The test interval for any individual valve shall not exceed 10 years. PWR main steam safety valves shall be tested in accordance with 1-1320.

3.1.3 Licensee's Basis for Requesting Alternative Testing In its letter dated June 1, 2009, and supplemented by letter dated June 18, 2010, the licensee stated, in part, that, During an internal review to verify compliance of testing frequencies for ASME Class 2 and 3 safety relief valves, a scheduling discrepancy was discovered.

- 3 The scheduling for CSP-RV-52 was incorrectly scheduled 48 months after installation instead of 48 months after testing. As a result, the subject valve is required to be tested on or before July 11, 2010, 9 months prior to the next refueling outage (R20). Energy Northwest documented the scheduling discrepancy in the [CGS] corrective action program and performed an extent of condition review that revealed no other relief valve in a similar condition....
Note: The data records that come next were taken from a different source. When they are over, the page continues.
(* In the setting below, assume $K_1:\mathbb{C}^V\to\mathbb{C}^{R\times S}$ is injective and let $\mathcal K_1:\mathbb{C}^{R\times S}\to\mathbb{C}^V$ be a linear left inverse of $K_1$ (e.g. the Moore–Penrose pseudoinverse), with $\mathcal K_j$, $j\ge2$, defined by the recursion below. Let $N\ge1$ and $0<a<1$. Then there is a constant $C_{N,a}$ (depending on $N,a$ and on $p,\alpha_0,G_0,\mathcal K_1$, but not on $\eta$) such that for every $\eta\in\mathbb{C}^V$ with $\mu_p\|\eta\|_p<a$, with scattering data $\phi=\sum_{j\ge1}K_j(\eta,\dots,\eta)$, $$\Big\|\eta-\sum_{j=1}^N\mathcal K_j(\phi,\dots,\phi)\Big\|_p\le C_{N,a}\,\|\eta\|_p^{N+1}.$$
   Context: Setting: Let $V$ and $\delta V$ be finite disjoint sets (interior and boundary vertices of a graph), let $R,S\subseteq\delta V$ be nonempty (receivers and sources), let $\alpha_0>0$, and let $G_0$ (the background Green's function) be a complex matrix with rows and columns indexed by $V\cup\delta V$. For $U,W\subseteq V\cup\delta V$, $G_0^{U;W}$ is the submatrix with rows indexed by $U$ and columns by $W$. For $a\in\mathbb{C}^V$, $D_a$ is the diagonal $V\times V$ matrix with diagonal $a$. For $j\ge1$ define the multilinear map $K_j:(\mathbb{C}^V)^j\to\mathbb{C}^{R\times S}$ by $$K_j(\eta_1,\dots,\eta_j)(r,s)=(-1)^{j+1}\alpha_0^{\,j}\,G_0^{r;V}D_{\eta_1}G_0^{V;V}D_{\eta_2}\cdots G_0^{V;V}D_{\eta_j}G_0^{V;s},\qquad r\in R,\ s\in S.$$ Fix $p,q\in[1,\infty]$ with $1/p+1/q=1$; $\|\cdot\|_p$ is the $\ell^p$ norm on $\mathbb{C}^V$ and on $\mathbb{C}^{R\times S}$. Define $\mu_p=\alpha_0\max_{v\in V}\|G_0^{v;V}\|_{\ell^q(V)}$ (when $\mu_p\|\eta\|_p<1$ the series $\sum_jK_j(\eta,\dots,\eta)$ converges). Inverse Born operators: given $\mathcal K_1$, define multilinear maps $\mathcal K_j:(\mathbb{C}^{R\times S})^j\to\mathbb{C}^V$ for $j\ge2$ by $$\mathcal K_j(\phi_1,\dots,\phi_j)=-\sum_{m=1}^{j-1}\ \sum_{\substack{i_1+\dots+i_m=j\\ i_l\ge1}}\mathcal K_m\Big(K_{i_1}(\mathcal K_1\phi_1,\dots,\mathcal K_1\phi_{i_1}),\,K_{i_2}(\mathcal K_1\phi_{i_1+1},\dots,\mathcal K_1\phi_{i_1+i_2}),\dots,K_{i_m}(\mathcal K_1\phi_{j-i_m+1},\dots,\mathcal K_1\phi_j)\Big).$$ *)

From Stdlib Require Import Reals List.
Import ListNotations.
Open Scope R_scope.

Record Cplx := mkC { re : R; im : R }.
Definition C0 : Cplx := mkC 0 0.
Definition Cadd (x y : Cplx) : Cplx := mkC (re x + re y) (im x + im y).
Definition Copp (x : Cplx) : Cplx := mkC (- re x) (- im x).
Definition Csub (x y : Cplx) : Cplx := Cadd x (Copp y).
Definition Cmul (x y : Cplx) : Cplx :=
  mkC (re x * re y - im x * im y) (re x * im y + im x * re y).
Definition Cscale (a : R) (x : Cplx) : Cplx := mkC (a * re x) (a * im x).
Definition Cmod (x : Cplx) : R := sqrt (re x ^ 2 + im x ^ 2).

Definition Csum {T : Type} (l : list T) (f : T -> Cplx) : Cplx :=
  fold_right (fun x acc => Cadd (f x) acc) C0 l.
Definition Rsum {T : Type} (l : list T) (f : T -> R) : R :=
  fold_right (fun x acc => f x + acc) 0 l.
Definition Rmaxl {T : Type} (l : list T) (f : T -> R) : R :=
  fold_right (fun x acc => Rmax (f x) acc) 0 l.

Definition Cseries_to (u : nat -> Cplx) (l : Cplx) : Prop :=
  infinite_sum (fun n => re (u n)) (re l) /\ infinite_sum (fun n => im (u n)) (im l).

Inductive pexp := PFin (p : R) | PInf.
Definition valid_pexp (p : pexp) : Prop :=
  match p with PFin r => 1 <= r | PInf => True end.
Definition conj_exp (p : pexp) : pexp :=
  match p with
  | PInf => PFin 1
  | PFin r => if Req_EM_T r 1 then PInf else PFin (r / (r - 1))
  end.
Definition rpow (x y : R) : R := if Rle_dec x 0 then 0 else Rpower x y.
Definition lpnorm {T : Type} (p : pexp) (l : list T) (f : T -> Cplx) : R :=
  match p with
  | PFin r => rpow (Rsum l (fun i => rpow (Cmod (f i)) r)) (/ r)
  | PInf => Rmaxl l (fun i => Cmod (f i))
  end.

Section Born.
Context {T : Type} (V : list T) (alpha0 : R) (G0 : T -> T -> Cplx).

(* chain x [eta1;...;etaj] s =
   (G0^{x;V} D_eta1 G0^{V;V} D_eta2 ... G0^{V;V} D_etaj G0^{V;s}) *)
Fixpoint chain (x : T) (etas : list (T -> Cplx)) (s : T) : Cplx :=
  match etas with
  | [] => G0 x s
  | eta :: rest => Csum V (fun v => Cmul (G0 x v) (Cmul (eta v) (chain v rest s)))
  end.

Definition Kfwd (etas : list (T -> Cplx)) (r s : T) : Cplx :=
  let j := length etas in
  Cscale ((-1) ^ (S j) * alpha0 ^ j) (chain r etas s).

(* all compositions (ordered, positive parts) of n *)
Definition inc_head (c : list nat) : list (list nat) :=
  match c with [] => [] | x :: l => [S x :: l] end.
Fixpoint comps (n : nat) : list (list nat) :=
  match n with
  | O => [[]]
  | S n' => map (cons 1%nat) (comps n') ++ flat_map inc_head (comps n')
  end.

Fixpoint blocks {A : Type} (c : list nat) (l : list A) : list (list A) :=
  match c with
  | [] => []
  | i :: c' => firstn i l :: blocks c' (skipn i l)
  end.

Variable Kinv1 : (T -> T -> Cplx) -> (T -> Cplx).

(* inverse Born operators with fuel; Kinv (phis) = calK_j(phi_1..phi_j) *)
Fixpoint Kinv_aux (fuel : nat) (phis : list (T -> T -> Cplx)) : T -> Cplx :=
  match fuel with
  | O => fun _ => C0
  | S n =>
    match phis with
    | [phi] => Kinv1 phi
    | _ =>
      let j := length phis in
      let psis := map Kinv1 phis in
      fun v => Copp (Csum (filter (fun c => Nat.ltb (length c) j) (comps j))
                (fun c => Kinv_aux n (map Kfwd (blocks c psis)) v))
    end
  end.

Definition Kinv (phis : list (T -> T -> Cplx)) : T -> Cplx :=
  Kinv_aux (length phis) phis.

End Born.

(* Write ψ = 𝒦₁φ.  The operator 𝒦_j(φ,…,φ) depends on φ only through ψ and is
   multilinear in it: 𝒦_j(φ,…,φ) = J_j(ψ,…,ψ) for a multilinear J_j.  Splitting
   the Born series after N terms gives ψ = A + τ, with A = Σ_{i ≤ N} h_i,
   h_i = 𝒦₁K_i(η,…,η) = O(‖η‖^i), and τ = 𝒦₁(tail) = O(‖η‖^{N+1}) since the
   tail is geometric with ratio μ‖η‖ < a < 1.  Expanding J_j(A+τ,…,A+τ) gives
   the terms J_j(h_{i₁},…,h_{i_j}) over (i₁,…,i_j) ∈ [1,N]^j plus terms containing
   τ.  Grouped by d = i₁+…+i_j, the recursion defining 𝒦_j says precisely that
   the terms indexed by the compositions of d sum to 0 for d ≥ 2, and to h₁ = η
   for d = 1.  So η − Σ_{j ≤ N} 𝒦_j(φ,…,φ) only retains terms with d > N and
   terms containing τ, all O(‖η‖^{N+1}).  The estimates are made in the sup
   norm over V, with Hölder's inequality controlling each application of G₀,
   and transferred to ℓ^p at the end. *)

From Stdlib Require Import Reals List Permutation Lia Lra FunctionalExtensionality ClassicalDescription.
From Coquelicot Require Complex.
Import ListNotations.
Open Scope R_scope.

(** * Complex moduli and finite sums *)

Lemma Cplx_ext (x y : Cplx) : re x = re y -> im x = im y -> x = y.
Proof. destruct x, y; simpl; intros; subst; reflexivity. Qed.

Ltac cring := apply Cplx_ext; simpl; ring.

Definition toC (x : Cplx) : Complex.C := (re x, im x).
Lemma Cmod_toC x : Cmod x = Complex.Cmod (toC x).
Proof. reflexivity. Qed.

Lemma Cmod_ge0 x : 0 <= Cmod x.
Proof. rewrite Cmod_toC; apply Complex.Cmod_ge_0. Qed.

Lemma Cmod_add x y : Cmod (Cadd x y) <= Cmod x + Cmod y.
Proof.
  rewrite !Cmod_toC. replace (toC (Cadd x y)) with (Complex.Cplus (toC x) (toC y)).
  apply Complex.Cmod_triangle. reflexivity.
Qed.

Lemma Cmod_mul x y : Cmod (Cmul x y) = Cmod x * Cmod y.
Proof.
  rewrite !Cmod_toC. replace (toC (Cmul x y)) with (Complex.Cmult (toC x) (toC y)).
  apply Complex.Cmod_mult. reflexivity.
Qed.

Lemma Cmod_opp x : Cmod (Copp x) = Cmod x.
Proof.
  rewrite !Cmod_toC. replace (toC (Copp x)) with (Complex.Copp (toC x)).
  apply Complex.Cmod_opp. reflexivity.
Qed.

Lemma Cmod_C0 : Cmod C0 = 0.
Proof. unfold Cmod; simpl. replace (0*(0*1)+0*(0*1)) with 0 by ring. apply sqrt_0. Qed.

Lemma Cmod_scale a x : Cmod (Cscale a x) = Rabs a * Cmod x.
Proof.
  replace (Cscale a x) with (Cmul (mkC a 0) x) by cring.
  rewrite Cmod_mul. f_equal. unfold Cmod; cbn [re im].
  replace (a^2+0^2) with (Rsqr a) by (unfold Rsqr; ring). apply sqrt_Rsqr_abs.
Qed.

Lemma Cmod_re_im x : Cmod x <= Rabs (re x) + Rabs (im x).
Proof.
  unfold Cmod. rewrite <- (sqrt_Rsqr (Rabs (re x) + Rabs (im x))).
  2: { pose proof (Rabs_pos (re x)); pose proof (Rabs_pos (im x)); lra. }
  apply sqrt_le_1_alt. unfold Rsqr.
  pose proof (Rabs_pos (re x)); pose proof (Rabs_pos (im x)).
  replace (re x ^ 2) with (Rabs (re x) * Rabs (re x)).
  replace (im x ^ 2) with (Rabs (im x) * Rabs (im x)).
  nra.
  rewrite <- Rabs_mult; simpl; rewrite Rmult_1_r; apply Rabs_right; nra.
  rewrite <- Rabs_mult; simpl; rewrite Rmult_1_r; apply Rabs_right; nra.
Qed.

Lemma Rabs_re_le x : Rabs (re x) <= Cmod x.
Proof.
  unfold Cmod. rewrite <- sqrt_Rsqr_abs. apply sqrt_le_1_alt. unfold Rsqr.
  pose proof (pow2_ge_0 (im x)). simpl. lra.
Qed.
Lemma Rabs_im_le x : Rabs (im x) <= Cmod x.
Proof.
  unfold Cmod. rewrite <- sqrt_Rsqr_abs. apply sqrt_le_1_alt. unfold Rsqr.
  pose proof (pow2_ge_0 (re x)). simpl. lra.
Qed.

Section Sums.
Context {X : Type}.

Lemma Csum_ext (l : list X) f g : (forall x, In x l -> f x = g x) -> Csum l f = Csum l g.
Proof.
  induction l; simpl; intros H; auto.
  rewrite H by auto. rewrite IHl; auto.
Qed.

Lemma Csum_app (l1 l2 : list X) f : Csum (l1 ++ l2) f = Cadd (Csum l1 f) (Csum l2 f).
Proof. induction l1; simpl. cring. rewrite IHl1. cring. Qed.

Lemma Csum_add (l : list X) f g : Csum l (fun x => Cadd (f x) (g x)) = Cadd (Csum l f) (Csum l g).
Proof. induction l; simpl. cring. rewrite IHl. cring. Qed.

Lemma Csum_opp (l : list X) f : Csum l (fun x => Copp (f x)) = Copp (Csum l f).
Proof. induction l; simpl. cring. rewrite IHl. cring. Qed.

Lemma Csum_mul_l (l : list X) c f : Csum l (fun x => Cmul c (f x)) = Cmul c (Csum l f).
Proof. induction l; simpl. cring. rewrite IHl. cring. Qed.

Lemma Csum_zero (l : list X) f : (forall x, In x l -> f x = C0) -> Csum l f = C0.
Proof. induction l; simpl; intros H; auto. rewrite H, IHl; auto. cring. Qed.

Lemma Csum_delta (l : list X) y F : NoDup l -> In y l -> (forall x, In x l -> x <> y -> F x = C0) ->
  Csum l F = F y.
Proof.
  induction 1 as [|a l Ha Hl IH]; simpl; intros Hy HF. destruct Hy.
  destruct (classic (a = y)) as [E|E].
  - subst. rewrite Csum_zero. cring. intros x Hx. apply HF; auto. intro; subst; auto.
  - destruct Hy as [Hy|Hy]. congruence. rewrite HF by auto. rewrite IH; auto. cring.
Qed.

Lemma Csum_perm (l1 l2 : list X) f : Permutation l1 l2 -> Csum l1 f = Csum l2 f.
Proof.
  induction 1; simpl; auto.
  - rewrite IHPermutation; auto.
  - cring.
  - congruence.
Qed.

Lemma Csum_map {Y} (l : list Y) (m : Y -> X) f : Csum (map m l) f = Csum l (fun y => f (m y)).
Proof. induction l; simpl; congruence. Qed.

Lemma Csum_flat_map {Y} (l : list Y) (m : Y -> list X) f :
  Csum (flat_map m l) f = Csum l (fun y => Csum (m y) f).
Proof. induction l; simpl; auto. rewrite Csum_app. congruence. Qed.

Lemma Csum_filter (l : list X) (p : X -> bool) f :
  Csum l f = Cadd (Csum (filter p l) f) (Csum (filter (fun x => negb (p x)) l) f).
Proof.
  induction l; simpl. cring. destruct (p a); simpl; rewrite IHl; cring.
Qed.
Removal and testing of CSP-RV-52 results in 3 inboard vacuum breakers failing open when nitrogen is removed from the valves. This testing is normally performed when CGS is shut down in a mode in which the vacuum breakers are not required to be operable (Mode 4 or 5). At power, the plant would be reliant upon a single valve, the outboard vacuum breakers next to each failed open inboard vacuum breaker, for containment isolation which is considered to be an unnecessary risk to plant personnel and to the health and safety of the public.

Additionally, this action would place the plant in a 72-hour action statement for 3 open vacuum breakers (LCO [limiting condition for operation] 3.6.1.6, Condition A), a time frame that would challenge completing the testing while at power. Based on this, the testing of CSP-RV-52 at power would present an adverse impact on plant operation and may require a plant shutdown to perform testing.

In May 1996 and May 2003, [the valve] was removed from service and bench tested. On both occasions, it passed the as-found test requirement and the valve was re-installed without any repairs. In June 2007, the relief valve was again removed and tested. The valve passed the visual inspection and the set point test, but failed the as-found leakage test (60 bubbles/min vs 20 bubbles/min). It was disassembled for repair and the disc dimensions were found to be undersized. At that point, the relief valve was replaced with the Crosby OMNI Model 9511817D rather than perform repair to the Lonergan Model LCT-13 relief valve.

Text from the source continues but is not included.